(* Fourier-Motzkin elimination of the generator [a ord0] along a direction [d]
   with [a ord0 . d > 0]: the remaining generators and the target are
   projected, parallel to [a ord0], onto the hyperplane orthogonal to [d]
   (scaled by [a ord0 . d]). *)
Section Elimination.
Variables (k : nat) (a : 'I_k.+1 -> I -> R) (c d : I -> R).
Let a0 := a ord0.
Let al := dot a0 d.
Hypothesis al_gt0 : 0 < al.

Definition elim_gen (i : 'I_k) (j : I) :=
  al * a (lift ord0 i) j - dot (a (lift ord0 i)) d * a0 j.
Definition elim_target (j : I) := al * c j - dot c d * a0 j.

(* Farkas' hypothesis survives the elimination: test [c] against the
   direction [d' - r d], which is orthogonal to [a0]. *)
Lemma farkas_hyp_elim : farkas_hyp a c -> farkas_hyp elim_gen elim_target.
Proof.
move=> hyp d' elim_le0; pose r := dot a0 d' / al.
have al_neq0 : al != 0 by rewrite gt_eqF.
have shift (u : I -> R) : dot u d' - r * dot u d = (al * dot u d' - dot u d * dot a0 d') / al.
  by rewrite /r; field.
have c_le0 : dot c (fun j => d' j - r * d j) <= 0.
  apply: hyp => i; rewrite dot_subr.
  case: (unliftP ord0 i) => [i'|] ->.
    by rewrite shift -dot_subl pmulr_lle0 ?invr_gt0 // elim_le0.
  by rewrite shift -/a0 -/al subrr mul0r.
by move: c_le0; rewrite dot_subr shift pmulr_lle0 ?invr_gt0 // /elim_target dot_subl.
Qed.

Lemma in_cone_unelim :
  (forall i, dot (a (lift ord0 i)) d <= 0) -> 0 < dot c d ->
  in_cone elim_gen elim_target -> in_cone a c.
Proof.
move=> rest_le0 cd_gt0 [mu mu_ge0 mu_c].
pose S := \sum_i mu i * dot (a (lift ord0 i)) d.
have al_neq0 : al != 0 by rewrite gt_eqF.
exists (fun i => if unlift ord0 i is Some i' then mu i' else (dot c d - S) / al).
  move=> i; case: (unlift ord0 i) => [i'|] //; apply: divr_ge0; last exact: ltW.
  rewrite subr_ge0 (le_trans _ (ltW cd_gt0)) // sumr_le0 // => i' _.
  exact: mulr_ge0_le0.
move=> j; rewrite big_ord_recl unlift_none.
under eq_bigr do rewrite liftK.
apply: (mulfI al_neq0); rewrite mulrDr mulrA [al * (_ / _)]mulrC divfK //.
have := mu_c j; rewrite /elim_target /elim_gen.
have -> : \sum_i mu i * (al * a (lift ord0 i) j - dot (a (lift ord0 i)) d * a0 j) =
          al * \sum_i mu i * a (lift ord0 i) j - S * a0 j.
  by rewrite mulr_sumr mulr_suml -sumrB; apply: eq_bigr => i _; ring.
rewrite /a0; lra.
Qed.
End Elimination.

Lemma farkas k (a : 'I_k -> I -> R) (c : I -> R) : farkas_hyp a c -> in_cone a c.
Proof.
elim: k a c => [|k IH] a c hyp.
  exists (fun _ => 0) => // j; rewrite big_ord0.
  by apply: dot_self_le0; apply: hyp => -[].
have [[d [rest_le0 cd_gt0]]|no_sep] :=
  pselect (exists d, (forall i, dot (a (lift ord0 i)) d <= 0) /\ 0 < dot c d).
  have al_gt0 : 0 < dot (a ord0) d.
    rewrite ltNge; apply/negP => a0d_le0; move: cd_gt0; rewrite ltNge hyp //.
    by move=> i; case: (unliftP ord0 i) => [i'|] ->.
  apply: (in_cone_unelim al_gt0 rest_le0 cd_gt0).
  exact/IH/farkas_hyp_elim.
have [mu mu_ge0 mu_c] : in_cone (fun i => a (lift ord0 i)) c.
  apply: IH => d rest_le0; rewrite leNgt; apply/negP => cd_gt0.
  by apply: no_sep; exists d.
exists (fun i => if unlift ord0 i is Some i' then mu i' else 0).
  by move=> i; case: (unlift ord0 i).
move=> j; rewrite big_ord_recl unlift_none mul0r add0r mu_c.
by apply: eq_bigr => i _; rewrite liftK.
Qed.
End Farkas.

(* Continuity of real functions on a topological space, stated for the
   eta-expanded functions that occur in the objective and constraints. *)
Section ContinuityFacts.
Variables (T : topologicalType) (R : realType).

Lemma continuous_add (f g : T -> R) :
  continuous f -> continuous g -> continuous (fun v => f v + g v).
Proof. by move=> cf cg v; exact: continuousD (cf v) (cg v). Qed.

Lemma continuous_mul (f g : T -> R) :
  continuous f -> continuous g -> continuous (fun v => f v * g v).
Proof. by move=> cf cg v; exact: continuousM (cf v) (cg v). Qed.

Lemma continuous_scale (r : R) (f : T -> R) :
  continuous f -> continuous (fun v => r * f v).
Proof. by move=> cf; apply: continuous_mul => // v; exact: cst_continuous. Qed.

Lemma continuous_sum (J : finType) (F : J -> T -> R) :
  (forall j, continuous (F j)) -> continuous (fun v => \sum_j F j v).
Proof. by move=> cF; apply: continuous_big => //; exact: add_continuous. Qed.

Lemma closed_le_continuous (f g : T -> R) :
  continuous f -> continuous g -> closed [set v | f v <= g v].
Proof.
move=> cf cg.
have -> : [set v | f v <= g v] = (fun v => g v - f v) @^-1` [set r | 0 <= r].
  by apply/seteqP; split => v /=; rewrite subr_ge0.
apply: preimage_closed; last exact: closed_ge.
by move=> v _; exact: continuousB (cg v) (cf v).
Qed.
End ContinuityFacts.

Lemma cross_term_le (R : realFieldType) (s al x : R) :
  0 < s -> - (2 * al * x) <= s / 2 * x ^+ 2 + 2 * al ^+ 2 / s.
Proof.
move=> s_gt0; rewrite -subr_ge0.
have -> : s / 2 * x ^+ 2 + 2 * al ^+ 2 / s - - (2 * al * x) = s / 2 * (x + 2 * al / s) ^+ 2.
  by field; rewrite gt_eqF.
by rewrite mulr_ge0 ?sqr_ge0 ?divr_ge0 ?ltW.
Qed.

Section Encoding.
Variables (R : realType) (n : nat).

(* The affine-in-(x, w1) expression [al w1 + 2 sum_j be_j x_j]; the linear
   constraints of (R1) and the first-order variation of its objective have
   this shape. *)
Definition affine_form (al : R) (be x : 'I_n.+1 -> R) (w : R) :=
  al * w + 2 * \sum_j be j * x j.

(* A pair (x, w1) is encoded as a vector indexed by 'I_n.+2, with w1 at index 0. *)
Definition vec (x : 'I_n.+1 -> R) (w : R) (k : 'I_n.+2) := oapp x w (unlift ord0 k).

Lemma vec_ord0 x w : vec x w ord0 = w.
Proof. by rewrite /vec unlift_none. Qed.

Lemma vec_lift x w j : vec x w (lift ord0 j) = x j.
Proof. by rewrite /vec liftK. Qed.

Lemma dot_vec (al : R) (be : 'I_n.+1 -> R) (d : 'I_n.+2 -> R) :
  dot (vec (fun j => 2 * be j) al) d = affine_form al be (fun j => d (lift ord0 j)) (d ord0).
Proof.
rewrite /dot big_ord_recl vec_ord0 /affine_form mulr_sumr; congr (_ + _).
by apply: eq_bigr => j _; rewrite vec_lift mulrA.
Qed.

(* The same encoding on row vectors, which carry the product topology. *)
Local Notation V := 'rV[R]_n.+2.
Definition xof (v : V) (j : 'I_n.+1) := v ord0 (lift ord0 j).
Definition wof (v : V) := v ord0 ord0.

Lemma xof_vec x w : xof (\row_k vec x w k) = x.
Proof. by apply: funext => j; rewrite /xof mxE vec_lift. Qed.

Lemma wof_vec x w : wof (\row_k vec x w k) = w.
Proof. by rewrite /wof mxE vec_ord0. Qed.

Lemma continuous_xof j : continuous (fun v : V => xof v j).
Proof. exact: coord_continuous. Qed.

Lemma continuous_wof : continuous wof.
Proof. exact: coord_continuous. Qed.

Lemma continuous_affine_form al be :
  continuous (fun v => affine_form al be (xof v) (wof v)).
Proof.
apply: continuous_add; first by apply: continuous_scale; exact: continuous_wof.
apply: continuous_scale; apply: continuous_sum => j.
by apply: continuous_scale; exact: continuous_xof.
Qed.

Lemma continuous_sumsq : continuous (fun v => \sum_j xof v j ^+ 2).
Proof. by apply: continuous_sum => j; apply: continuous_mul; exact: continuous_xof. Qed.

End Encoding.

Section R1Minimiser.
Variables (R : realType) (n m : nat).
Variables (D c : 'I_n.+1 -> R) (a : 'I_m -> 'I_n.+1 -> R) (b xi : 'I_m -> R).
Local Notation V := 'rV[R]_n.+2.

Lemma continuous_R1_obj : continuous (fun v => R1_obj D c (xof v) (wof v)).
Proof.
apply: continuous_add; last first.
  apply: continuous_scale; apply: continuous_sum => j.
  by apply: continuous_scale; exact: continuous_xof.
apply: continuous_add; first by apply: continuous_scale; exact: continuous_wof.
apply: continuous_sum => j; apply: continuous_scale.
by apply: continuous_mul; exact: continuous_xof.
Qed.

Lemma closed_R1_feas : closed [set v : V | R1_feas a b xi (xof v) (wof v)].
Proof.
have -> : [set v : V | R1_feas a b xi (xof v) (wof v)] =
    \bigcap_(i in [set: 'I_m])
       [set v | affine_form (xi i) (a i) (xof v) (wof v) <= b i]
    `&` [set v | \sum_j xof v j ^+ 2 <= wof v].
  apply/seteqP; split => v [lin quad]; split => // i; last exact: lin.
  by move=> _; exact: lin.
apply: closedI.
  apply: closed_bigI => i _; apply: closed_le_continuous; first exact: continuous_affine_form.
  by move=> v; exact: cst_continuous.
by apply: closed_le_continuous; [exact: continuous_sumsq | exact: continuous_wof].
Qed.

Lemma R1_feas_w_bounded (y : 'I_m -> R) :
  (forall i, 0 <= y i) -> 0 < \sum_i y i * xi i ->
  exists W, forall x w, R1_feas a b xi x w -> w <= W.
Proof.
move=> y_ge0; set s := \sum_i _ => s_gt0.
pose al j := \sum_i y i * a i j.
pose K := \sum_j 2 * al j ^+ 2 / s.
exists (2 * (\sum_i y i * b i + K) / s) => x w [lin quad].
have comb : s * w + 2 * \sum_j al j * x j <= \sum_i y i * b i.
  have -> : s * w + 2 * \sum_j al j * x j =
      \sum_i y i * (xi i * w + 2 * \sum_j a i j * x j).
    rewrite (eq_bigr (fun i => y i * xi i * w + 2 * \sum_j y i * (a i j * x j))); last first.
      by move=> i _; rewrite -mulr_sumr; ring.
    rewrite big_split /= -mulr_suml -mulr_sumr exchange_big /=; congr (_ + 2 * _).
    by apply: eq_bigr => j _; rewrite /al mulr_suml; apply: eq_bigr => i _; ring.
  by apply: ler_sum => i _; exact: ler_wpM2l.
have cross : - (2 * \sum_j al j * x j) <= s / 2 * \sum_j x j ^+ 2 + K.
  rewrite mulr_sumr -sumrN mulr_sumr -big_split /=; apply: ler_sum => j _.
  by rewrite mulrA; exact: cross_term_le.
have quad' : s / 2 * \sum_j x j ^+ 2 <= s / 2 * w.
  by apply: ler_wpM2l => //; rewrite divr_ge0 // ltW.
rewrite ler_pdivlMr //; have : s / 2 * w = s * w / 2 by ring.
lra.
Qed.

----

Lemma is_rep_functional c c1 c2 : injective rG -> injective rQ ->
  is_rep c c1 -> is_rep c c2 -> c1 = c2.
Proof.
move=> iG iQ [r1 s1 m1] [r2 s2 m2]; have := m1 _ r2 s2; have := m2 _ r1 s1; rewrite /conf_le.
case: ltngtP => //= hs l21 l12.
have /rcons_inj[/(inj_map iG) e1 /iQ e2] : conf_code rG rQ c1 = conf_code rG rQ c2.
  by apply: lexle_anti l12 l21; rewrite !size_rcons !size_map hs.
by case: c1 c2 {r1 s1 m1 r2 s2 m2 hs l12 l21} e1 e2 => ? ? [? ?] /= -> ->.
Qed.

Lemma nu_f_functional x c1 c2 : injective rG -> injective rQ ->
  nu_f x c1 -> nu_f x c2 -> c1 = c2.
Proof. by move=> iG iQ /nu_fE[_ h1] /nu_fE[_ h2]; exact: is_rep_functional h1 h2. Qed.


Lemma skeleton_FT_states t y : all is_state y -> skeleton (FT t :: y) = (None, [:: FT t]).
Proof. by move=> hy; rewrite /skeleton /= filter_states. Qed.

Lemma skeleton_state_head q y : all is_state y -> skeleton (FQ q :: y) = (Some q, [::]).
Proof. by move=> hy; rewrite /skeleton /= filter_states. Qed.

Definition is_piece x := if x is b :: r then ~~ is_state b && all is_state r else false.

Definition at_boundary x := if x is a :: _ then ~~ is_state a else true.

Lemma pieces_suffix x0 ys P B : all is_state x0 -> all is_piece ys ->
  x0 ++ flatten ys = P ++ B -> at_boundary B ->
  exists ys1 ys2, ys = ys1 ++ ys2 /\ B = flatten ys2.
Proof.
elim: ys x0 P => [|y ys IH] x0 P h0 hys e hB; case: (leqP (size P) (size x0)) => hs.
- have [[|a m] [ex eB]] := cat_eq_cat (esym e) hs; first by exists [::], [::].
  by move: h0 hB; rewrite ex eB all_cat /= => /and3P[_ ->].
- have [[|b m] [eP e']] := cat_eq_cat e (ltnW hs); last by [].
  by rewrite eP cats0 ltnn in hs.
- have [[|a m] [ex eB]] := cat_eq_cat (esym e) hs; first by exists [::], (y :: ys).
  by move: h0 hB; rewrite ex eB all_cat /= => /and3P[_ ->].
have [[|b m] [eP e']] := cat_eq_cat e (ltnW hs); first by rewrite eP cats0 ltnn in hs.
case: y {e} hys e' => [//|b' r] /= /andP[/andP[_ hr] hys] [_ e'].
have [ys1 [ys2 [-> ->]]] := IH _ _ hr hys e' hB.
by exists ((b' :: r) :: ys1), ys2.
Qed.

----

**EXERCISE OBJECTIVE:**
For the material above, reproduce exactly the lines from the line with "Definition xof (v" to the line with "Lemma continuous_xof j", inclusive, and exclude all others.

**EXERCISE SOLUTION:**
Definition xof (v : V) (j : 'I_n.+1) := v ord0 (lift ord0 j).
Definition wof (v : V) := v ord0 ord0.

Lemma xof_vec x w : xof (\row_k vec x w k) = x.
Proof. by apply: funext => j; rewrite /xof mxE vec_lift. Qed.

Lemma wof_vec x w : wof (\row_k vec x w k) = w.
Proof. by rewrite /wof mxE vec_ord0. Qed.

Lemma continuous_xof j : continuous (fun v : V => xof v j).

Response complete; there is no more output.